Uno de los momentos más críticos del día se vivió en la antigua nacional 301, donde la caída de tres ejemplares de gran tamaño bloqueó por completo la calzada. El suboficial explica que "tuvimos mucha fortuna porque en ese momento no pasaba ningún vehículo" y pudieron despejar la zona sin lamentar daños personales. Esta situación de peligro se repitió en otros puntos con saneamientos de fachadas que a veces se complican porque, según detalla Bazar, "nuestro vehículo de altura tiene una limitación de nudos de trabajo a partir de los cuales no se puede desplegar por riesgo de vuelco". En esos casos, la estrategia es clara: "balizamos la zona y terminamos con esos servicios pendientes cuando el viento amaina".
Sobre el incidente que dejó a tres menores heridos leves tras el desprendimiento de un techo de chapa junto al colegio Maristas, el suboficial aclara que su cuerpo no intervino al no haber atrapados, subrayando que "si la persona se puede movilizar por su propio pie son los servicios sanitarios los que se ocupan". Bazar pone el foco en la gestión de la centralita en días de caos porque, aunque "la emergencia siempre es subjetiva y cada uno quiere que el personal esté ya en su puerta ayudando", es fundamental que el ciudadano sea selectivo para no saturar la sala. "Ya filtraremos nosotros pero les pedimos que usen el sentido común", añade el suboficial.
A pesar de que Cartagena encadena semanas críticas con incendios y accidentes industriales de gran magnitud, el ánimo en el parque no flaquea.

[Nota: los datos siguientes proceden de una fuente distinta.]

(** * The ideal [I] *)

Lemma inI_coeff0 t : coeff t =1 (fun _ => 0) -> inI t.
Proof.
move=> t0; have I0 := I_scal 0 (I_gen (gen10 F 0 1)).
by apply: (I_ext _ I0) => m /=; rewrite mul0r t0.
Qed.

Lemma eqv_coeff p q : coeff p =1 coeff q -> p ≡ q.
Proof. by move=> eq_pq; apply: inI_coeff0 => m /=; rewrite eq_pq; ring. Qed.

Lemma eqv_refl p : p ≡ p.
Proof. exact: eqv_coeff. Qed.

Lemma eqv_sym p q : p ≡ q -> q ≡ p.
Proof. by move=> Hpq; apply: (I_ext _ (I_scal (-1) Hpq)) => m /=; ring. Qed.

Lemma eqv_trans p q r : p ≡ q -> q ≡ r -> p ≡ r.
Proof. by move=> Hpq Hqr; apply: (I_ext _ (I_add Hpq Hqr)) => m /=; ring. Qed.

Lemma eqv_ext p p' q q' :
  coeff p =1 coeff p' -> coeff q =1 coeff q' -> p ≡ q -> p' ≡ q'.
Proof. by move=> eq_p eq_q; apply: I_ext => m /=; rewrite eq_p eq_q. Qed.

Lemma eqvD p q p' q' : p ≡ q -> p' ≡ q' -> Add p p' ≡ Add q q'.
Proof. by move=> H H'; apply: (I_ext _ (I_add H H')) => m /=; ring. Qed.

Lemma eqvZ c p q : p ≡ q -> Scal c p ≡ Scal c q.
Proof. by move=> H; apply: (I_ext _ (I_scal c H)) => m /=; ring. Qed.

Lemma eqvMl s p q : p ≡ q -> Mul s p ≡ Mul s q.
Proof. by move=> H; apply: (I_ext _ (I_mull s H)) => -[j b|m1 m2] /=; ring. Qed.

Lemma eqvMr s p q : p ≡ q -> Mul p s ≡ Mul q s.
Proof. by move=> H; apply: (I_ext _ (I_mulr s H)) => -[j b|m1 m2] /=; ring. Qed.

Lemma eqv_trans_coeff p q r : p ≡ q -> coeff q =1 coeff r -> p ≡ r.
Proof. by move=> Hpq eq_qr; apply: eqv_trans Hpq (eqv_coeff eq_qr). Qed.

Lemma eqv_coeff_trans p q r : coeff p =1 coeff q -> q ≡ r -> p ≡ r.
Proof. by move=> eq_pq; apply: eqv_trans (eqv_coeff eq_pq). Qed.

Definition subst3 (a0 a1 a2 : G) (A0 A1 A2 : term F) : nat -> G -> term F :=
  fun i a => if (i == 0%N) && (a == a0) then A0 else
             if (i == 1%N) && (a == a1) then A1 else
             if (i == 2%N) && (a == a2) then A2 else Var i a.
Arguments subst3 : simpl never.

Lemma subst3_0 a0 a1 a2 A0 A1 A2 : subst3 a0 a1 a2 A0 A1 A2 0%N a0 = A0.
Proof. by rewrite /subst3 /= eqxx. Qed.

Lemma subst3_1 a0 a1 a2 A0 A1 A2 : subst3 a0 a1 a2 A0 A1 A2 1%N a1 = A1.
Proof. by rewrite /subst3 /= eqxx. Qed.

Lemma subst3_2 a0 a1 a2 A0 A1 A2 : subst3 a0 a1 a2 A0 A1 A2 2%N a2 = A2.
Proof. by rewrite /subst3 /= eqxx. Qed.

Lemma graded_subst3 a0 a1 a2 A0 A1 A2 :
  homog A0 a0 -> homog A1 a1 -> homog A2 a2 -> graded_subst (subst3 a0 a1 a2 A0 A1 A2).
Proof.
move=> H0 H1 H2 i a; rewrite /subst3.
by do ![case: ifP => [/andP[_ /eqP->] //|_]]; apply: homog_Var.
Qed.

Lemma eqv_gen1 A B V a c : c != g0 -> a != g0 ->
  homog A a -> homog B a -> homog V c -> Mul (Mul A B) V ≡ Mul V (Mul B A).
Proof.
move=> cn an HA HB HV.
have := I_subst (graded_subst3 HA HB HV) (I_gen (gen1 F 2 0 1 cn an)).
by rewrite /= subst3_0 subst3_1 subst3_2.
Qed.

Lemma eqv_anticomm A V a c : (forall h : G, h \in gspan [:: a; c]) ->
  homog A a -> homog V c -> Mul A V ≡ Opp (Mul V A).
Proof.
move=> span_ac HA HV.
have := I_subst (graded_subst3 HA HV HV) (I_gen (gen4 F 0 1 span_ac)).
by rewrite /= subst3_0 subst3_1; apply: I_ext => -[j b|m1 m2] /=; ring.
Qed.

Lemma eqv_assoc A B C a b c : (size (undup (gspan [:: a; b; c])) <= 2)%N ->
  homog A a -> homog B b -> homog C c -> Mul (Mul A B) C ≡ Mul A (Mul B C).
Proof.
move=> span_abc HA HB HC.
have := I_subst (graded_subst3 HA HB HC) (I_gen (gen9 F 0 1 2 span_abc)).
by rewrite /= subst3_0 subst3_1 subst3_2; apply: I_ext => -[j x|m1 m2] /=; ring.
Qed.

(** * Homogeneous components as terms *)

Definition hsum (f : G -> term F) : term F :=
  Add (Add (f (false, false)) (f (true, false))) (Add (f (false, true)) (f (true, true))).

Fixpoint hproj t h : term F :=
  match t with
  | Var i a => if a == h then Var i a else Zero
  | Zero => Zero
  | Add s u => Add (hproj s h) (hproj u h)
  | Scal c s => Scal c (hproj s h)
  | Mul s u => hsum (fun k => Mul (hproj s k) (hproj u (gadd k h)))
  end.

Lemma coeff_hproj t h : coeff (hproj t h) =1 hcomp t h.
Proof.
rewrite /hcomp; elim: t h => [i a||s IHs u IHu|c s IHs|s IHs u IHu] h [j b|m1 m2] /=.
- case: (a =P h) => [<-|/eqP ah] /=.
    by case: (b =P a) => [->|/eqP ba]; rewrite ?eqxx // [a == b]eq_sym (negPf ba) andbF.
  by case: (b =P h) => [->|//]; rewrite (negPf ah) andbF.
- by case: ifP; case: ifP.
- by case: ifP.
- by case: ifP.
- by rewrite IHs IHu; case: ifP; rewrite ?addr0.
- by rewrite IHs IHu; case: ifP; rewrite ?addr0.
- by rewrite IHs; case: ifP; rewrite ?mulr0.
- by rewrite IHs; case: ifP; rewrite ?mulr0.
- by rewrite !addr0; case: ifP.
- rewrite !IHs !IHu; move: (deg m1) (deg m2) h => [[] []] [[] []] [[] []] /=;
    rewrite ?(mul0r, mulr0, add0r, addr0) //.
Qed.

Lemma hsum_hproj t : coeff (hsum (hproj t)) =1 coeff t.
Proof.
move=> m; rewrite /= !coeff_hproj /hcomp.
by case: (deg m) => [[] []] /=; rewrite ?(add0r, addr0).
Qed.

Lemma homog_hproj t h : homog (hproj t h) h.
Proof. by move=> m; rewrite coeff_hproj /hcomp; case: eqP. Qed.

Lemma eqv_hsum f f' : (forall k, f k ≡ f' k) -> hsum f ≡ hsum f'.
Proof. by move=> eq_f; do ![apply: eqvD]. Qed.

(** * The star rules for homogeneous elements *)

Definition star_skew h t := h != g0 -> star t ≡ Opp t.

Definition star_swap h t :=
  forall v c, homog v c -> c != g0 -> c != h -> Mul t v ≡ Mul v (star t).

Definition star_rules h t := star_skew h t /\ star_swap h t.

Definition star_rules2 h t := star_rules h t /\ star_rules h (star t).

Lemma star_rules_ext h t t' : coeff t =1 coeff t' -> star_rules h t -> star_rules h t'.
Proof.
move=> eq_t [skew swap]; split=> [hn|v c Hv cn ch].
  by apply: eqv_ext (skew hn); [apply: eq_coeff_star | move=> m /=; rewrite eq_t].
apply: eqv_ext (swap v c Hv cn ch); first exact: eq_coeff_Mul.
exact/eq_coeff_Mul/eq_coeff_star.
Qed.

Lemma star_rules_add h t u : star_rules h t -> star_rules h u -> star_rules h (Add t u).
Proof.
move=> [skew_t swap_t] [skew_u swap_u]; split=> [hn|v c Hv cn ch].
  by apply: eqv_ext (eqvD (skew_t hn) (skew_u hn)) => // m /=; ring.
by apply: eqv_ext (eqvD (swap_t v c Hv cn ch) (swap_u v c Hv cn ch)) => -[j b|m1 m2] /=; ring.
Qed.

Lemma star_rules_scal h c t : star_rules h t -> star_rules h (Scal c t).
Proof.
move=> [skew swap]; split=> [hn|v d Hv dn dh].
  by apply: eqv_ext (eqvZ c (skew hn)) => // m /=; ring.
by apply: eqv_ext (eqvZ c (swap v d Hv dn dh)) => -[j b|m1 m2] /=; ring.
Qed.

Lemma star_coeff0 t : coeff t =1 (fun _ => 0) -> star t ≡ Opp t.
Proof. by move=> t0; apply: eqv_coeff => m; rewrite coeff_star /= !t0; ring. Qed.

Lemma swap_coeff0 t v : coeff t =1 (fun _ => 0) -> Mul t v ≡ Mul v (star t).
Proof.
by move=> t0; apply: eqv_coeff => -[j k|m1 m2] /=; rewrite ?coeff_star ?t0; ring.
Qed.

Lemma star_rules_coeff0 h t : coeff t =1 (fun _ => 0) -> star_rules h t.
Proof. by move=> t0; split=> [_|v c _ _ _]; [apply: star_coeff0 | apply: swap_coeff0]. Qed.

Lemma star_rules2_add h t u : star_rules2 h t -> star_rules2 h u -> star_rules2 h (Add t u).
Proof. by move=> [Rt Rst] [Ru Rsu]; split; apply: star_rules_add. Qed.

Lemma star_rules2_scal h c t : star_rules2 h t -> star_rules2 h (Scal c t).
Proof. by move=> [Rt Rst]; split; apply: star_rules_scal. Qed.

Lemma star_rules2_coeff0 h t : coeff t =1 (fun _ => 0) -> star_rules2 h t.
Proof.
move=> t0; split; apply: star_rules_coeff0 => // m.
by rewrite coeff_star t0 mulr0.
Qed.

Lemma star_rules2_star h t : star_rules2 h t -> star_rules2 h (star t).
Proof. by move=> [Rt Rst]; split=> //; apply: star_rules_ext Rt => m; rewrite starK. Qed.

Lemma star_rules2_Var i a : a != g0 -> star_rules2 a (Var i a).
Proof.
move=> an; suff R : star_rules a (Var i a) by split=> //; apply: star_rules_scal.
split=> [_|v c Hv cn ca]; first exact: eqv_refl.
apply: eqv_trans_coeff (eqv_anticomm (gspan_full an cn ca) (@homog_Var i a) Hv) _.
by case=> [j k|m1 m2] /=; ring.
Qed.

Section Product.
Variables (A B : term F) (a b : G).
Hypotheses (HA : homog A a) (HB : homog B b).
Hypotheses (RA : star_rules2 a A) (RB : star_rules2 b B).

Lemma star_skew_Mul : star_skew (gadd a b) (Mul A B).
Proof.
move: RA RB => [[skewA swapA] [_ swap_sA]] [[skewB swapB] [_ swap_sB]] ab_n /=.
case: (eqVneq a g0) => [a0|an]; case: (eqVneq b g0) => [b0|bn].
- by move: ab_n; rewrite a0 b0 gaddg0 eqxx.
- have ba : b != a by rewrite a0.
  apply: eqv_trans (eqvMr _ (skewB bn)) _.
  apply: eqv_coeff_trans (eqvZ (-1) (eqv_sym (swapA B b HB bn ba))).
  by case=> [j k|m1 m2] /=; ring.
- have ab : a != b by rewrite b0.
  apply: eqv_trans (eqvMl _ (skewA an)) _.
  apply: eqv_coeff_trans (eqv_trans_coeff (eqvZ (-1) (swap_sB A a HA an ab)) _);
    by case=> [j k|m1 m2] /=; rewrite ?starK; ring.
- have ab : a != b by apply: contraNneq ab_n => ->; rewrite gaddgg.
  apply: eqv_trans (eqvMl _ (skewA an)) _; apply: eqv_trans (eqvMr _ (skewB bn)) _.
  apply: eqv_coeff_trans (eqv_anticomm (gspan_full bn an ab) HB HA).
  by case=> [j k|m1 m2] /=; ring.
Qed.

Lemma star_swap_Mul : star_swap (gadd a b) (Mul A B).
Proof.
move: RA RB => [[skewA swapA] _] [[skewB swapB] _] v c Hv cn cd.
case: (eqVneq (gadd a b) g0) => [/gadd_eq0 eq_ab|dn]; last first.
  apply: eqv_trans (eqv_anticomm (gspan_full dn cn cd) (homog_Mul HA HB) Hv) _.
  apply: eqv_coeff_trans (eqvMl v (eqv_sym (star_skew_Mul dn))).
  by case=> [j k|m1 m2] /=; ring.
subst b; case: (eqVneq a g0) => [a0|an].
  subst a; have HvsB : homog (Mul v (star B)) c.
    by rewrite -[c]gaddg0; apply: homog_Mul (homog_star HB).
  apply: eqv_trans (eqv_assoc (size_gspan_g0g0c c) HA HB Hv) _.
  apply: eqv_trans (eqvMl A (swapB v c Hv cn cn)) _.
  apply: eqv_trans (swapA _ c HvsB cn cn) _.
  exact: eqv_assoc (size_gspan_cg0g0 c) Hv (homog_star HB) (homog_star HA).
apply: eqv_trans (eqv_gen1 cn an HA HB Hv) _; apply: eqvMl; apply: eqv_sym => /=.
apply: eqv_trans (eqvMl _ (skewA an)) _; apply: eqv_trans_coeff (eqvMr _ (skewB an)) _.
by case=> [j k|m1 m2] /=; ring.
Qed.

End Product.

Lemma star_rules2_Mul A B a b h : homog A a -> homog B b ->
  star_rules2 a A -> star_rules2 b B -> gadd a b = h -> star_rules2 h (Mul A B).
Proof.
move=> HA HB RA RB <-; split; first by split; [apply: star_skew_Mul | apply: star_swap_Mul].
have [HsA HsB] := (homog_star HA, homog_star HB).
have [RsA RsB] := (star_rules2_star RA, star_rules2_star RB).
by rewrite /= gaddC; split; [apply: star_skew_Mul | apply: star_swap_Mul].
Qed.

Lemma star_rules2_hsum h f : (forall k, star_rules2 h (f k)) -> star_rules2 h (hsum f).
Proof. by move=> Rf; do ![apply: star_rules2_add]. Qed.

Lemma star_rules2_hproj t : termU t -> forall h, star_rules2 h (hproj t h).
Proof.
elim: t => [i a||s IHs u IHu|c s IHs|s IHs u IHu] Ut h.
- by rewrite /=; case: eqP => [<-|_]; [apply: star_rules2_Var | apply: star_rules2_coeff0].
- exact: star_rules2_coeff0.
- by case: Ut => Us Uu; apply: star_rules2_add; [apply: IHs | apply: IHu].
- exact: star_rules2_scal (IHs Ut h).
- case: Ut => Us Uu; apply: star_rules2_hsum => k.
  exact: star_rules2_Mul (@homog_hproj s k) (@homog_hproj u _) (IHs Us k) (IHu Uu _) (gaddK k h).
Qed.

Lemma star_eqv_opp t : termU t -> hcomp t g0 =1 (fun _ => 0) -> star t ≡ Opp t.
Proof.
move=> Ut t_0.
have skew h : star (hproj t h) ≡ Opp (hproj t h).
  case: (eqVneq h g0) => [->|hn]; last exact: (star_rules2_hproj Ut h).1.1.
  by apply: star_coeff0 => m; rewrite coeff_hproj t_0.
apply: eqv_ext (eqv_hsum skew); first exact: eq_coeff_star (hsum_hproj t).
by move=> m /=; rewrite -(hsum_hproj t m) /=; ring.
Qed.

Lemma star_Mul_homog t v w h : termU v -> termU w -> homog v h -> homog w h ->
  h != g0 -> coeff t =1 coeff (Mul v w) -> star t ≡ Mul w v.
Proof.
move=> Uv Uw Hv Hw hn eq_t.
have skew u : termU u -> homog u h -> star u ≡ Opp u.
  by move=> Uu Hu; apply: star_eqv_opp Uu (hcomp_homog Hu _); rewrite eq_sym.
apply: eqv_coeff_trans (eq_coeff_star eq_t) _ => /=.
apply: eqv_trans (eqvMl _ (skew v Uv Hv)) _.
apply: eqv_trans_coeff (eqvMr _ (skew w Uw Hw)) _.
by case=> [j k|m1 m2] /=; ring.
Qed.

Lemma mul_Var_eqv t i a : termU t -> a != g0 -> hcomp t a =1 (fun _ => 0) ->
  Mul t (Var i a) ≡ Mul (Var i a) (star t).
Proof.
move=> Ut an t_a.
have swap h : Mul (hproj t h) (Var i a) ≡ Mul (Var i a) (star (hproj t h)).
  case: (eqVneq h a) => [->|ha].
    by apply: swap_coeff0 => m; rewrite coeff_hproj t_a.
  by apply: (star_rules2_hproj Ut h).1.2 (@homog_Var i a) an _; rewrite eq_sym.
apply: eqv_ext (eqv_hsum swap).
  by case=> [j k|m1 m2] /=; rewrite -?(hsum_hproj t m1) /=; ring.
case=> [j k|m1 m2] /=; rewrite -?(eq_coeff_star (hsum_hproj t) m2) /=; ring.
Qed.

End FreeAlgebra.

(** * Octonion conjugation *)

Lemma evalO_star_conj (F : fieldType) (o : CDops F (Oct F)) phi (t : term F) :
  (forall x y, cd_conj o (cd_mul o x y) = cd_mul o (cd_conj o y) (cd_conj o x)) ->
  (forall x y, cd_conj o (cd_add o x y) = cd_add o (cd_conj o x) (cd_conj o y)) ->
  (forall c x, cd_conj o (cd_scale o c x) = cd_scale o c (cd_conj o x)) ->
  cd_conj o (cd_zero o) = cd_zero o ->
  (forall i a, a != g0 -> cd_conj o (phi i a) = cd_scale o (-1) (phi i a)) ->
  termU t -> evalO o phi (star t) = cd_conj o (evalO o phi t).
Proof.
move=> conjM conjD conjZ conj0 conj_phi.
elim: t => [i a||s IHs u IHu|c s IHs|s IHs u IHu] /= Ut.
- by rewrite conj_phi.
- by rewrite conj0.
- by case: Ut => Us Uu; rewrite IHs // IHu // conjD.
- by rewrite IHs // conjZ.
- by case: Ut => Us Uu; rewrite IHs // IHu // conjM.
Qed.

Section Octonions.
Variables (F : fieldType) (mu beta gamma : F).
Local Notation O := (Oops mu beta gamma).

Local Ltac oct_ring := congr (((_, _), (_, _)), ((_, _), (_, _))); ring.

Carlos Bazar asegura que "la tensión la manejamos por la frecuencia en la que nos encontramos en estas situaciones" y que, a pesar del cansancio acumulado, el personal está muy motivado. De hecho, ante la previsión de que el mal tiempo continúe este fin de semana, el suboficial se muestra tajante: "estamos todavía para recibir unas cuantas borrascas más".

Teresa García Navarro
Licenciada en Filología Hispánica y en Periodismo. Más de 30 años ligada a la comunicación. Comenzó...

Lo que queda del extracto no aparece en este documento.